◆ Task prompt
Copy out exactly the lines below that run from the one holding "exact: IHp (P_edge _ _ xw P_x) pw." to the one holding "Proof. by rewrite /Phi_node; case: #|_|. Qed.", keeping both of those lines and no others.

____ Data to process

(* Let $I$ be an index set and $\prec$ a linear order on $I$. Suppose $\mathcal F$ and $\mathcal G$ are two $\prec$-ordered, reduced TDDs over $I$ with $\Phi(\mathcal F)=\Phi(\mathcal G)$. Then $\mathcal F$ and $\mathcal G$ are isomorphic.
   Context: Indices take values in $\{0,1\}$; a tensor over $I$ is a map $\{0,1\}^I\to\mathbb{C}$ (tensors over subsets of $I$ are regarded as tensors over $I$ not depending on the other indices). Each index $x$ is regarded as the tensor $x(c)=c$, and $\overline{x}(c):=1-c$; operations on tensors are pointwise. A TDD over $I$ is $\mathcal F=(V,E,index,value,low,high,w)$: a rooted directed acyclic graph with finite node set $V$ partitioned into non-terminal nodes $V_N$ and terminal nodes $V_T$, root $r_{\mathcal F}$; $index:V_N\to I$; $value:V_T\to\mathbb{C}$; $low,high:V_N\to V$; edges are the low-edges $(v,low(v))$ and high-edges $(v,high(v))$, $v\in V_N$, plus a unique source-less incoming edge $e_r$ of the root; $w$ gives each edge a complex weight and $w_{\mathcal F}:=w(e_r)$. Node tensors: $\Phi(v)=value(v)$ for terminal $v$; otherwise $\Phi(v)=w_0\overline{x_v}\Phi(low(v))+w_1x_v\Phi(high(v))$ with $x_v=index(v)$ and $w_0,w_1$ the low-/high-edge weights. The TDD represents $\Phi(\mathcal F):=w_{\mathcal F}\Phi(r_{\mathcal F})$. $\mathcal F$ is $\prec$-ordered if for every non-terminal node $v$, $index(v)\prec index(low(v))$ whenever $low(v)$ is non-terminal and $index(v)\prec index(high(v))$ whenever $high(v)$ is non-terminal. Normality (w.r.t. $\prec$): the pivot of a tensor $\phi$ is the lexicographically smallest (compare at the $\prec$-smallest differing index, $0<1$) $\vec a$ with $|\phi(\vec a)|=\max_{\vec b}|\phi(\vec b)|$; $\phi$ is normal if $\phi=0$ or $\phi$ equals $1$ at its pivot. A TDD is normal if $\Phi(v)$ is normal for every node $v$. A TDD is reduced if it is normal and (1) $\Phi(v)\neq0$ for every node $v$; (2) all edges of weight $0$ point to the unique terminal node, which has value $1$; (3) $\Phi(u)\neq\Phi(v)$ for any two distinct nodes $u\neq v$. Two TDDs are isomorphic if there is a graph isomorphism between them (including the root edges $e_r$) preserving node indices, edge weights and terminal values, and mapping low-edges to low-edges and high-edges to high-edges. *)

From mathcomp Require Import all_boot all_order all_algebra.
From mathcomp Require Import complex Rstruct.
From Stdlib Require Import Reals.
Set Implicit Arguments.
Unset Strict Implicit.
Unset Printing Implicit Defensive.
Import GRing.Theory Num.Theory.
Local Open Scope ring_scope.

Definition CC : numClosedFieldType := (Rdefinitions.R)[i].

Section TDDDefs.
Variable I : finType.

Definition assignment := {ffun I -> bool}.
Definition tensor := assignment -> CC.

Definition idx_tensor (x : I) : tensor := fun c => (c x : nat)%:R.

Definition strict_linear_order (lt : rel I) : Prop :=
  [/\ irreflexive lt, transitive lt &
      forall i j, i != j -> lt i j || lt j i].

Definition lex_lt (lt : rel I) (a b : assignment) : Prop :=
  exists i, [/\ a i = false, b i = true & forall j, lt j i -> a j = b j].

Definition is_pivot (lt : rel I) (phi : tensor) (a : assignment) : Prop :=
  (forall b, `|phi b| <= `|phi a|) /\
  (forall b, `|phi b| = `|phi a| -> b <> a -> lex_lt lt a b).

Definition normal_tensor (lt : rel I) (phi : tensor) : Prop :=
  phi = (fun _ => 0) \/ exists a, is_pivot lt phi a /\ phi a = 1.

(* For a non-terminal node v: index v, low v, high v, and the weights
   wlow v / whigh v of its low-/high-edge.  wroot is the weight of the
   root edge e_r. *)
Record TDD := MkTDD {
  VN : finType;
  VT : finType;
  root : (VN + VT)%type;
  index : VN -> I;
  value : VT -> CC;
  low : VN -> (VN + VT)%type;
  high : VN -> (VN + VT)%type;
  wlow : VN -> CC;
  whigh : VN -> CC;
  wroot : CC
}.

Definition node (F : TDD) : finType := (VN F + VT F)%type.

Definition tdd_edge (F : TDD) : rel (node F) :=
  fun u w => match u with
             | inl v => (w == low v) || (w == high v)
             | inr _ => false
             end.

Definition rooted_dag (F : TDD) : Prop :=
  (forall u : node F, connect (@tdd_edge F) (root F) u) /\
  (forall u w : node F, tdd_edge u w -> ~~ connect (@tdd_edge F) w u).

(* node tensors, by recursion with fuel (the fuel #|node F| suffices on a DAG) *)
Fixpoint phi_fuel (F : TDD) (n : nat) (u : node F) : tensor :=
  match u with
  | inr t => fun _ => value t
  | inl v =>
      match n with
      | 0 => fun _ => 0
      | n'.+1 => fun c =>
          wlow v * (1 - idx_tensor (index v) c) * phi_fuel n' (low v) c
          + whigh v * idx_tensor (index v) c * phi_fuel n' (high v) c
      end
  end.

Definition Phi_node (F : TDD) (u : node F) : tensor := phi_fuel #|{: node F}| u.

Definition Phi (F : TDD) : tensor := fun c => wroot F * Phi_node (root F) c.

Definition ordered (lt : rel I) (F : TDD) : Prop :=
  forall v : VN F,
    (forall u, low v = inl u -> lt (index v) (index u)) /\
    (forall u, high v = inl u -> lt (index v) (index u)).

Definition normal_tdd (lt : rel I) (F : TDD) : Prop :=
  forall u : node F, normal_tensor lt (Phi_node u).

Definition zero_edge_ok (F : TDD) (target : node F) : Prop :=
  exists t : VT F, [/\ target = inr t, value t = 1 & forall t' : VT F, t' = t].

Definition reduced (lt : rel I) (F : TDD) : Prop :=
  [/\ normal_tdd lt F,
      (forall u : node F, Phi_node u <> (fun _ => 0)),
      (wroot F = 0 -> zero_edge_ok (root F)) /\
      (forall v : VN F, (wlow v = 0 -> zero_edge_ok (low v)) /\
                        (whigh v = 0 -> zero_edge_ok (high v))) &
      (forall u w : node F, u <> w -> Phi_node u <> Phi_node w)].

Definition tdd_isomorphic (F G : TDD) : Prop :=
  exists (fN : VN F -> VN G) (fT : VT F -> VT G),
    let f (u : node F) : node G :=
      match u with inl v => inl (fN v) | inr t => inr (fT t) end in
    [/\ bijective fN, bijective fT,
        f (root F) = root G /\ wroot F = wroot G,
        (forall t, value (fT t) = value t) &
        (forall v, [/\ index (fN v) = index v,
                       low (fN v) = f (low v), high (fN v) = f (high v),
                       wlow (fN v) = wlow v & whigh (fN v) = whigh v])].

Definition is_TDD (F : TDD) : Prop := rooted_dag F.

End TDDDefs.

From Pilot Require Import Defs.
From mathcomp Require Import all_boot all_order all_algebra.
From Stdlib Require Import Classical FunctionalExtensionality.
(* Let [index] denote the TDD field again rather than [seq.index]. *)
Import Defs.
Set Implicit Arguments.
Unset Strict Implicit.
Unset Printing Implicit Defensive.
Import Order.TTheory GRing.Theory Num.Theory.
Local Open Scope ring_scope.

(* Normalisation pins down a nonzero tensor up to its scalar: if [k * phi = k' * psi]
   with [phi], [psi] normal and nonzero, then [k = k'] and, unless [k = 0], [phi = psi],
   because both tensors take the value 1 at their common pivot.  In an ordered TDD the
   tensor of a node ignores all indices below its own, whereas in a reduced TDD it
   genuinely depends on its own index (otherwise both children would coincide and the
   node would have the tensor of its child).  So two nodes with the same tensor have the
   same index, the same edge weights and children with the same tensors.  Walking down
   from the roots, every node of F thus has a node of G with the same tensor and vice
   versa; as distinct nodes of a reduced TDD have distinct tensors, these two maps are
   mutually inverse and form an isomorphism. *)

Section StrictLinearOrder.
Variables (I : finType) (lt : rel I).
Hypothesis lt_order : strict_linear_order lt.

Lemma slo_irr i : lt i i = false.
Proof. by case: lt_order. Qed.

Lemma slo_trans {i j k} : lt i j -> lt j k -> lt i k.
Proof. by case: lt_order => _ lt_trans _; apply: lt_trans. Qed.

Lemma slo_total i j : i != j -> lt i j || lt j i.
Proof. by case: lt_order => _ _; apply. Qed.

Lemma lex_lt_asym a b : lex_lt lt a b -> ~ lex_lt lt b a.
Proof.
case=> i [ai bi lt_i] [k [bk ak lt_k]].
have ik : i != k by apply: contraTneq ak => <-; rewrite ai.
by case/orP: (slo_total ik) => [/lt_k | /lt_i]; rewrite ?ai ?bi ?ak ?bk.
Qed.

Lemma normal_tensor_proportional (phi psi : tensor I) (r : CC) :
    normal_tensor lt phi -> normal_tensor lt psi -> phi <> (fun _ => 0) ->
  (forall c, phi c = r * psi c) -> phi = psi.
Proof.
move=> [phi0 | [a [[a_max a_piv] phi_a]]] psi_normal phi_neq0 phi_r //.
have r_neq0 : r != 0.
  apply: contra_notN phi_neq0 => /eqP r0.
  by apply: functional_extensionality => c; rewrite phi_r r0 mul0r.
case: psi_normal => [psi0 | [b [[b_max b_piv] psi_b]]].
  by case: phi_neq0; apply: functional_extensionality => c; rewrite phi_r psi0 mulr0.
have norm_phi c : `|phi c| = `|r| * `|psi c| by rewrite phi_r normrM.
have a_eq_b : a = b.
  case: (eqVneq a b) => // /eqP a_neq_b; exfalso.
  have psi_ab : `|psi a| = `|psi b|.
    apply/le_anti; rewrite b_max /=.
    by have := a_max b; rewrite !norm_phi ler_pM2l ?normr_gt0.
  have phi_ba : `|phi b| = `|phi a| by rewrite !norm_phi psi_ab.
  exact: lex_lt_asym (a_piv b phi_ba (nesym a_neq_b)) (b_piv a psi_ab a_neq_b).
have r1 : r = 1 by move: (phi_r a); rewrite phi_a a_eq_b psi_b mulr1.
by apply: functional_extensionality => c; rewrite phi_r r1 mul1r.
Qed.

Lemma normal_tensor_scale_eq (phi psi : tensor I) (k k' : CC) :
    normal_tensor lt phi -> normal_tensor lt psi ->
    phi <> (fun _ => 0) -> psi <> (fun _ => 0) ->
  (forall c, k * phi c = k' * psi c) -> k = k' /\ (k = 0 \/ phi = psi).
Proof.
move=> phi_normal psi_normal phi_neq0 psi_neq0 phi_psi.
have [c psi_c] : exists c, psi c != 0.
  apply: NNPP => psi0; apply: psi_neq0; apply: functional_extensionality => c.
  by case: (eqVneq (psi c) 0) => // psi_c; case: psi0; exists c.
have [k0 | k_neq0] := eqVneq k 0.
  split; last by left.
  move/esym/eqP: (phi_psi c); rewrite k0 mul0r mulf_eq0 (negbTE psi_c) orbF.
  by move/eqP ->.
have phi_eq_psi : phi = psi.
  apply: (normal_tensor_proportional (r := k' / k)) => // d.
  by rewrite -(mulKf k_neq0 (phi d)) phi_psi mulrA [k^-1 * k']mulrC.
by split; [move: (phi_psi c); rewrite phi_eq_psi => /(mulIf psi_c) | right].
Qed.

End StrictLinearOrder.

Definition upd (I : finType) (c : assignment I) (i : I) (b : bool) : assignment I :=
  [ffun j => if j == i then b else c j].

Definition node_map (I : finType) (F G : TDD I) (fN : VN F -> VN G) (fT : VT F -> VT G)
    (u : node F) : node G :=
  match u with inl v => inl (fN v) | inr t => inr (fT t) end.

Section OneTDD.
Variables (I : finType) (lt : rel I) (F : TDD I).
Hypothesis lt_order : strict_linear_order lt.
Hypothesis F_dag : is_TDD F.
Hypothesis F_ordered : ordered lt F.
Hypothesis F_reduced : reduced lt F.

Lemma rooted_ind (P : node F -> Prop) :
  P (root F) -> (forall u w, tdd_edge u w -> P u -> P w) -> forall u, P u.
Proof.
move=> P_root P_edge u; case: F_dag => /(_ u) /connectP [p] + -> _.
elim: p (root F) P_root => [|w p IHp] x P_x //= /andP[xw pw].
exact: IHp (P_edge _ _ xw P_x) pw.
Qed.

Lemma tdd_edge_low v : tdd_edge (inl v : node F) (low v).
Proof. by rewrite /tdd_edge eqxx. Qed.

Lemma tdd_edge_high v : tdd_edge (inl v : node F) (high v).
Proof. by rewrite /tdd_edge eqxx orbT. Qed.

Lemma tdd_edge_irrefl (u : node F) : ~~ tdd_edge u u.
Proof. by apply/negP => uu; case: F_dag => _ /(_ u u uu); rewrite connect0. Qed.

Definition depth (u : node F) : nat := #|[set w | connect (@tdd_edge I F) u w]|.

Lemma depth_gt0 u : (0 < depth u)%N.
Proof. by rewrite card_gt0; apply/set0Pn; exists u; rewrite inE connect0. Qed.

Lemma depth_edge u w : tdd_edge u w -> (depth w < depth u)%N.
Proof.
move=> uw; apply: proper_card; rewrite properE; apply/andP; split.
  by apply/subsetP => x; rewrite !inE; apply: connect_trans (connect1 uw).
case: F_dag => _ /(_ u w uw) wu.
by apply/subsetPn; exists u; rewrite !inE ?connect0.
Qed.

Lemma phi_fuel_stable n m u :
  (depth u <= n)%N -> (depth u <= m)%N -> phi_fuel n u = phi_fuel m u.
Proof.
elim: n m u => [|n IHn] [|m] [v|t] //= un um;
  try by have := depth_gt0 (inl v); rewrite ltnNge ?un ?um.
have child u : tdd_edge (inl v) u -> (depth u <= n)%N /\ (depth u <= m)%N.
  by move/depth_edge => vu; split; rewrite -ltnS; apply: leq_trans vu _.
have [lo_n lo_m] := child _ (tdd_edge_low v).
have [hi_n hi_m] := child _ (tdd_edge_high v).
by rewrite (IHn m (low v)) ?(IHn m (high v)).
Qed.

Lemma Phi_node_fuel n u : (depth u <= n)%N -> phi_fuel n u = Phi_node u.
Proof. by move=> un; apply: phi_fuel_stable => //; apply: max_card. Qed.

Lemma Phi_node_terminal t : Phi_node (inr t : node F) = fun _ => value t.
Proof. by rewrite /Phi_node; case: #|_|. Qed.

Lemma Phi_nodeE v c : Phi_node (inl v : node F) c =
  wlow v * (1 - idx_tensor (index v) c) * Phi_node (low v) c
  + whigh v * idx_tensor (index v) c * Phi_node (high v) c.
Proof.
have lo := depth_edge (tdd_edge_low v); have hi := depth_edge (tdd_edge_high v).
rewrite -(Phi_node_fuel (leqnn (depth (inl v)))).
move: lo hi; case: (depth (inl v)) => [|n] lo hi; first by rewrite ltn0 in lo.
by rewrite /= !Phi_node_fuel.
Qed.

________

◆ Result of this exercise
exact: IHp (P_edge _ _ xw P_x) pw.
Qed.

Lemma tdd_edge_low v : tdd_edge (inl v : node F) (low v).
Proof. by rewrite /tdd_edge eqxx. Qed.

Lemma tdd_edge_high v : tdd_edge (inl v : node F) (high v).
Proof. by rewrite /tdd_edge eqxx orbT. Qed.

Lemma tdd_edge_irrefl (u : node F) : ~~ tdd_edge u u.
Proof. by apply/negP => uu; case: F_dag => _ /(_ u u uu); rewrite connect0. Qed.

Definition depth (u : node F) : nat := #|[set w | connect (@tdd_edge I F) u w]|.

Lemma depth_gt0 u : (0 < depth u)%N.
Proof. by rewrite card_gt0; apply/set0Pn; exists u; rewrite inE connect0. Qed.

Lemma depth_edge u w : tdd_edge u w -> (depth w < depth u)%N.
Proof.
move=> uw; apply: proper_card; rewrite properE; apply/andP; split.
  by apply/subsetP => x; rewrite !inE; apply: connect_trans (connect1 uw).
case: F_dag => _ /(_ u w uw) wu.
by apply/subsetPn; exists u; rewrite !inE ?connect0.
Qed.

Lemma phi_fuel_stable n m u :
  (depth u <= n)%N -> (depth u <= m)%N -> phi_fuel n u = phi_fuel m u.
Proof.
elim: n m u => [|n IHn] [|m] [v|t] //= un um;
  try by have := depth_gt0 (inl v); rewrite ltnNge ?un ?um.
have child u : tdd_edge (inl v) u -> (depth u <= n)%N /\ (depth u <= m)%N.
  by move/depth_edge => vu; split; rewrite -ltnS; apply: leq_trans vu _.
have [lo_n lo_m] := child _ (tdd_edge_low v).
have [hi_n hi_m] := child _ (tdd_edge_high v).
by rewrite (IHn m (low v)) ?(IHn m (high v)).
Qed.

Lemma Phi_node_fuel n u : (depth u <= n)%N -> phi_fuel n u = Phi_node u.
Proof. by move=> un; apply: phi_fuel_stable => //; apply: max_card. Qed.

Lemma Phi_node_terminal t : Phi_node (inr t : node F) = fun _ => value t.
Proof. by rewrite /Phi_node; case: #|_|. Qed.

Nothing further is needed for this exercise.